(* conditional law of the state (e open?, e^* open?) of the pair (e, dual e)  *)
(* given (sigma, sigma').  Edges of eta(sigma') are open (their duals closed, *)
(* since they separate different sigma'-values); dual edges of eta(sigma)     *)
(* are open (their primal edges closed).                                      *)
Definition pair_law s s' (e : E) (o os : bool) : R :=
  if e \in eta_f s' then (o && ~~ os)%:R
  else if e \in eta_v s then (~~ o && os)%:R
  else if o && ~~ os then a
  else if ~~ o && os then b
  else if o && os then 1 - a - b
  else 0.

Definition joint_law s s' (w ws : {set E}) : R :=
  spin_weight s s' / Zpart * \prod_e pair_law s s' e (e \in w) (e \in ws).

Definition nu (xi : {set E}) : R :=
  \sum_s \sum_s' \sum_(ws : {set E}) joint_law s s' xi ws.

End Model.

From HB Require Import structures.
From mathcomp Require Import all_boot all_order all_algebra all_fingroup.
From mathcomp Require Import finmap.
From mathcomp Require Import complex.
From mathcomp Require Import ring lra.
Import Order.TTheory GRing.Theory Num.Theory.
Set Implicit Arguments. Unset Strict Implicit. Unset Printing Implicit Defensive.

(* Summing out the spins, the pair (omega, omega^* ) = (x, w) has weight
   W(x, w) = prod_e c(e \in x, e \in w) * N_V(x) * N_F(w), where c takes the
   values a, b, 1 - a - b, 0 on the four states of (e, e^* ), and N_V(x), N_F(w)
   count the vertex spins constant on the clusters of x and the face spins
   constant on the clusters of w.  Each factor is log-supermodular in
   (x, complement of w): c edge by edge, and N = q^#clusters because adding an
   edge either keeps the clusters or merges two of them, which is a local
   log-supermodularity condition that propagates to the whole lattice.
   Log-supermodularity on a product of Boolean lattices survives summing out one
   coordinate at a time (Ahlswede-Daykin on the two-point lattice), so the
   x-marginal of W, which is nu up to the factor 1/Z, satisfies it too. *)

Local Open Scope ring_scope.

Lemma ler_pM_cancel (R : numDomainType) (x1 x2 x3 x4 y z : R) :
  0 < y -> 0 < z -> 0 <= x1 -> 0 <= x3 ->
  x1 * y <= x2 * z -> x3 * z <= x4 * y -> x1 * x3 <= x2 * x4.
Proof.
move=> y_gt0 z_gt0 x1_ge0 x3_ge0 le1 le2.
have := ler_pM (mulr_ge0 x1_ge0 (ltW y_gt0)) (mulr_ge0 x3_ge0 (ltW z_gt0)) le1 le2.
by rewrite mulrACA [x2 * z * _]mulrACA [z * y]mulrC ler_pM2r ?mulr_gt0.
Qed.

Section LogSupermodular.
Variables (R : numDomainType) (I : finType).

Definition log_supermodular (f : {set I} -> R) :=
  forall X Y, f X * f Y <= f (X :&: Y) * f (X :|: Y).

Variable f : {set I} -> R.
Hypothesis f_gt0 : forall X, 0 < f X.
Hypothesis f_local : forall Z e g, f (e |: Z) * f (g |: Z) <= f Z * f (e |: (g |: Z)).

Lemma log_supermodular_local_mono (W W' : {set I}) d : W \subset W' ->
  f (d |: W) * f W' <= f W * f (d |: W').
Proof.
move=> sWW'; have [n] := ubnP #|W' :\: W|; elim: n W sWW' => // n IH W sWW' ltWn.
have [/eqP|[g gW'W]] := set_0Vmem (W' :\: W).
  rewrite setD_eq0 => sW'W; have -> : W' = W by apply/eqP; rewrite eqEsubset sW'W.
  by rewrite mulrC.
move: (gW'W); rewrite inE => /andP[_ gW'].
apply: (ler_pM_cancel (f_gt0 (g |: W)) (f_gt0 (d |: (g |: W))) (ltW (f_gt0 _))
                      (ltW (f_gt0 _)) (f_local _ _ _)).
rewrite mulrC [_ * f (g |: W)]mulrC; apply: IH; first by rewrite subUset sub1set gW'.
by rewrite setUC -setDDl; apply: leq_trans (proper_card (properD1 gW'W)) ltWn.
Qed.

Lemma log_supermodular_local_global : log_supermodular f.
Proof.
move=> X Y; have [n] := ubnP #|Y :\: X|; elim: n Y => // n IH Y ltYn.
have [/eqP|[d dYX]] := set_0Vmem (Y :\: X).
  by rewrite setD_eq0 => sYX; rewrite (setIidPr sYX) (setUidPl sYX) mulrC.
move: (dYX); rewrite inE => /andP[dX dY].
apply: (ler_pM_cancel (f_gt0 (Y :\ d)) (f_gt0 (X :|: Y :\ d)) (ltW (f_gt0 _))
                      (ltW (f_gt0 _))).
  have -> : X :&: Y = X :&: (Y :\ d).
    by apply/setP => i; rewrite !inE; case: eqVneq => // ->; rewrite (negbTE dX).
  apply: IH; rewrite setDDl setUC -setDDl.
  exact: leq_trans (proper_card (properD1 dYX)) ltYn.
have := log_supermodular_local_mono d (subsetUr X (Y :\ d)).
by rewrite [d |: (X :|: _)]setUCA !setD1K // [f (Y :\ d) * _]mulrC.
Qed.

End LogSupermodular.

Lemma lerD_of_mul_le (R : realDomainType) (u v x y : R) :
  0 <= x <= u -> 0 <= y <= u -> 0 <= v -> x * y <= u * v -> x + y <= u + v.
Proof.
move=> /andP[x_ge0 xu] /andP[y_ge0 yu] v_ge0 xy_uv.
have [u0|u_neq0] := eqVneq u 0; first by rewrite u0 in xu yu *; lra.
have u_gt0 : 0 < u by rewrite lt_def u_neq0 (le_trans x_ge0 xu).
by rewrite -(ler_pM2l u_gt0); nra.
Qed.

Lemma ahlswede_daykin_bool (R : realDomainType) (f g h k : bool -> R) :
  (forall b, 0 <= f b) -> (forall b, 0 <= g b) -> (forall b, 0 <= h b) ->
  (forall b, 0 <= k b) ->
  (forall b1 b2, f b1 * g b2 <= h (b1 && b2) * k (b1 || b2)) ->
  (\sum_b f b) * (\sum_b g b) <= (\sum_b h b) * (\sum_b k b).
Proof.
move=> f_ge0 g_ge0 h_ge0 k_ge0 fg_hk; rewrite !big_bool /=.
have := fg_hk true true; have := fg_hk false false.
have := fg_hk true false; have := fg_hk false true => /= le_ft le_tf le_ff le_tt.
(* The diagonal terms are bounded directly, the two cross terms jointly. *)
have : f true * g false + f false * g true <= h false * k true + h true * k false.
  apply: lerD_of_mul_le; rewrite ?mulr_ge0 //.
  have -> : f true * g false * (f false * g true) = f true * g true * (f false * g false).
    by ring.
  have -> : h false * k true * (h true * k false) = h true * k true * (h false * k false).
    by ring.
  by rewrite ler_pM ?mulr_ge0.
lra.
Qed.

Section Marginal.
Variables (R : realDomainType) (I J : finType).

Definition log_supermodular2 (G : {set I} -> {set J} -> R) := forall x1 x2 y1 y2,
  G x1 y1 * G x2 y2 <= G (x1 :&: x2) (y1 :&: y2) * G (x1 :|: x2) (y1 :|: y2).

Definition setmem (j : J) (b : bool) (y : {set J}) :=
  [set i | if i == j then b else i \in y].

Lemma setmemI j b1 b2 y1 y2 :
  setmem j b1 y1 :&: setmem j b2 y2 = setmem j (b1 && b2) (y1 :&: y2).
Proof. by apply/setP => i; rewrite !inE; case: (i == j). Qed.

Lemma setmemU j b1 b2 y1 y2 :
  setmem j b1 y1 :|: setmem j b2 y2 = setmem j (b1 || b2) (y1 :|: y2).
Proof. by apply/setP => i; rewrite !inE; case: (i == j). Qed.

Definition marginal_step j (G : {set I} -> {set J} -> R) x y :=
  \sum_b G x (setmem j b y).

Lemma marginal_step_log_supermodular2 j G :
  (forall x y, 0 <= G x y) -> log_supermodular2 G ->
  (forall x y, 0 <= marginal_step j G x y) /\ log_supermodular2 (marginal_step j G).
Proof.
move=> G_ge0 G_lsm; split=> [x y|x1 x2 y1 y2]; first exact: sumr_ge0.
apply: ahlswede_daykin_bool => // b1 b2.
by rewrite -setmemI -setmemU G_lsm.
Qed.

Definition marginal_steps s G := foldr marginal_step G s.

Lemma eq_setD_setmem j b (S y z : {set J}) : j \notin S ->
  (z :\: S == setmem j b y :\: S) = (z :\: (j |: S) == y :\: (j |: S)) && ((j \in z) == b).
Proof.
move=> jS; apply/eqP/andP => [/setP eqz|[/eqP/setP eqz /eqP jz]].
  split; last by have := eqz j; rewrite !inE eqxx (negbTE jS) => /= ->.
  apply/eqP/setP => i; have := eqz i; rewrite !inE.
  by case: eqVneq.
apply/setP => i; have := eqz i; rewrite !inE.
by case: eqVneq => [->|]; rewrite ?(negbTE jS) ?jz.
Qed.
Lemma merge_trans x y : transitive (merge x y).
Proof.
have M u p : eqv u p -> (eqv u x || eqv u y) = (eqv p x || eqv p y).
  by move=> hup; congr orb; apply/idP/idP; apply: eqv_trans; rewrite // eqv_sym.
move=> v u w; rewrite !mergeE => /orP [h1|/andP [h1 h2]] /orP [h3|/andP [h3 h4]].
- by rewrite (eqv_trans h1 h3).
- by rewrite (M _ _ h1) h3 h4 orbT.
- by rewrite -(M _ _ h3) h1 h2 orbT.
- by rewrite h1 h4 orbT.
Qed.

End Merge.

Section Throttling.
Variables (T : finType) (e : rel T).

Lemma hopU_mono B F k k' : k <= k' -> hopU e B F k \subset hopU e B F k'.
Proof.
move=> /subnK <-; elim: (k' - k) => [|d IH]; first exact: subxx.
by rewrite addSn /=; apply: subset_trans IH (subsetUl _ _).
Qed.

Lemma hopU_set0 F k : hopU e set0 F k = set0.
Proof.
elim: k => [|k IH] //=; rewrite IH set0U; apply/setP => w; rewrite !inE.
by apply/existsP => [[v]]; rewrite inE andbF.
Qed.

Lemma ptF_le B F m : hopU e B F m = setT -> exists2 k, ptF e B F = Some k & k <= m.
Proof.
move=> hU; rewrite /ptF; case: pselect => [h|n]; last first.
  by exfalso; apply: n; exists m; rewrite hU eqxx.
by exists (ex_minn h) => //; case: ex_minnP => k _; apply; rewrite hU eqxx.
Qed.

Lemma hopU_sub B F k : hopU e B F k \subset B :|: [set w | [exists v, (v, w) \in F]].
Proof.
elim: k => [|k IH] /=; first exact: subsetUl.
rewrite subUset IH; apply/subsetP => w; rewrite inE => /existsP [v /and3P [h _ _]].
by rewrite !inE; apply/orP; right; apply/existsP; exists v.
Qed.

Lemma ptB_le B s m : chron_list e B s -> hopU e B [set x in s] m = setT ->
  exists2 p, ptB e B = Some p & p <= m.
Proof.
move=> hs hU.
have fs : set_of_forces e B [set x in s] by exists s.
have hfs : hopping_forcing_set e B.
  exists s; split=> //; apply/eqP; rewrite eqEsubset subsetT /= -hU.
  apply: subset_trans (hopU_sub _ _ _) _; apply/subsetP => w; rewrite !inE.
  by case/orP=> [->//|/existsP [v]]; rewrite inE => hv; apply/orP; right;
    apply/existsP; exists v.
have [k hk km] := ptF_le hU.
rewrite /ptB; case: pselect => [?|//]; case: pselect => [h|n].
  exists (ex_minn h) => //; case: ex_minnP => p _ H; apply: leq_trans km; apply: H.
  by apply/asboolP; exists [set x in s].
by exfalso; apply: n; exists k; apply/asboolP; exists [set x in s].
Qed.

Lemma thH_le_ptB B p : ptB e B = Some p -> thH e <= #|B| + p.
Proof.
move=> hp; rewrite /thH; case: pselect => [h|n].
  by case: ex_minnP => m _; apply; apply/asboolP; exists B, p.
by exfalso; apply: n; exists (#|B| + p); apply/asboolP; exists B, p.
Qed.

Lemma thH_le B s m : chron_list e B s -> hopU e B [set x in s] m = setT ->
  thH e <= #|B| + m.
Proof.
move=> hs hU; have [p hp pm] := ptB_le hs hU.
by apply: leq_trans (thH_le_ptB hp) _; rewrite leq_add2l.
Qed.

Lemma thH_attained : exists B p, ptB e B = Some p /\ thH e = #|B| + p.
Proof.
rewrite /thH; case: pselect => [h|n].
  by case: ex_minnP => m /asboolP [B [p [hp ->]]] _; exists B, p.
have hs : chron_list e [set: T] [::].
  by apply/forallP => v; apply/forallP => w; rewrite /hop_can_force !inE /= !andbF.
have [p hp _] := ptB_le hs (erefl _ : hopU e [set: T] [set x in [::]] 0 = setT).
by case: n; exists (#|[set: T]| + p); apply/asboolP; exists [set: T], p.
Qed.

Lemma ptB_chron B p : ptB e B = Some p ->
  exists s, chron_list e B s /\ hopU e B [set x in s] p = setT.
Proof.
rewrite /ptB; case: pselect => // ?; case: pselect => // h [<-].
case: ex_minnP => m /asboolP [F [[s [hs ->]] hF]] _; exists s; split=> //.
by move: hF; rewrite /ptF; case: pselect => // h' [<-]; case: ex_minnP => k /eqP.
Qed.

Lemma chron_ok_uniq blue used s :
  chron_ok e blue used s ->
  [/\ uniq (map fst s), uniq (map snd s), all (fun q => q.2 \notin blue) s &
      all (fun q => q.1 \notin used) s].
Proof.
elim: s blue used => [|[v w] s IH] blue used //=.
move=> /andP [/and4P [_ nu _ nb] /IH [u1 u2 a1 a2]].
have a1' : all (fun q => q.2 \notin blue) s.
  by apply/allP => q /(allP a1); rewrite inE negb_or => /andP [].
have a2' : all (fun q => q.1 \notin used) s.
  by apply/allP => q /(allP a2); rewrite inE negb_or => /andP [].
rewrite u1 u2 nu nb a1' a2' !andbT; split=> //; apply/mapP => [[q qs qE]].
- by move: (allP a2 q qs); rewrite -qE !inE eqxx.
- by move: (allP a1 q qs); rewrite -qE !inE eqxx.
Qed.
##############################
** Work task **
The entries above hold the needed span. Transcribe exactly the lines from the one with "Lemma log_supermodular_local_global : log_supermodular" to the one with "apply: IH; rewrite setDDl setUC -setDDl.", both included.

** Solution to the problem **
Lemma log_supermodular_local_global : log_supermodular f.
Proof.
move=> X Y; have [n] := ubnP #|Y :\: X|; elim: n Y => // n IH Y ltYn.
have [/eqP|[d dYX]] := set_0Vmem (Y :\: X).
  by rewrite setD_eq0 => sYX; rewrite (setIidPr sYX) (setUidPl sYX) mulrC.
move: (dYX); rewrite inE => /andP[dX dY].
apply: (ler_pM_cancel (f_gt0 (Y :\ d)) (f_gt0 (X :|: Y :\ d)) (ltW (f_gt0 _))
                      (ltW (f_gt0 _))).
  have -> : X :&: Y = X :&: (Y :\ d).
    by apply/setP => i; rewrite !inE; case: eqVneq => // ->; rewrite (negbTE dX).
  apply: IH; rewrite setDDl setUC -setDDl.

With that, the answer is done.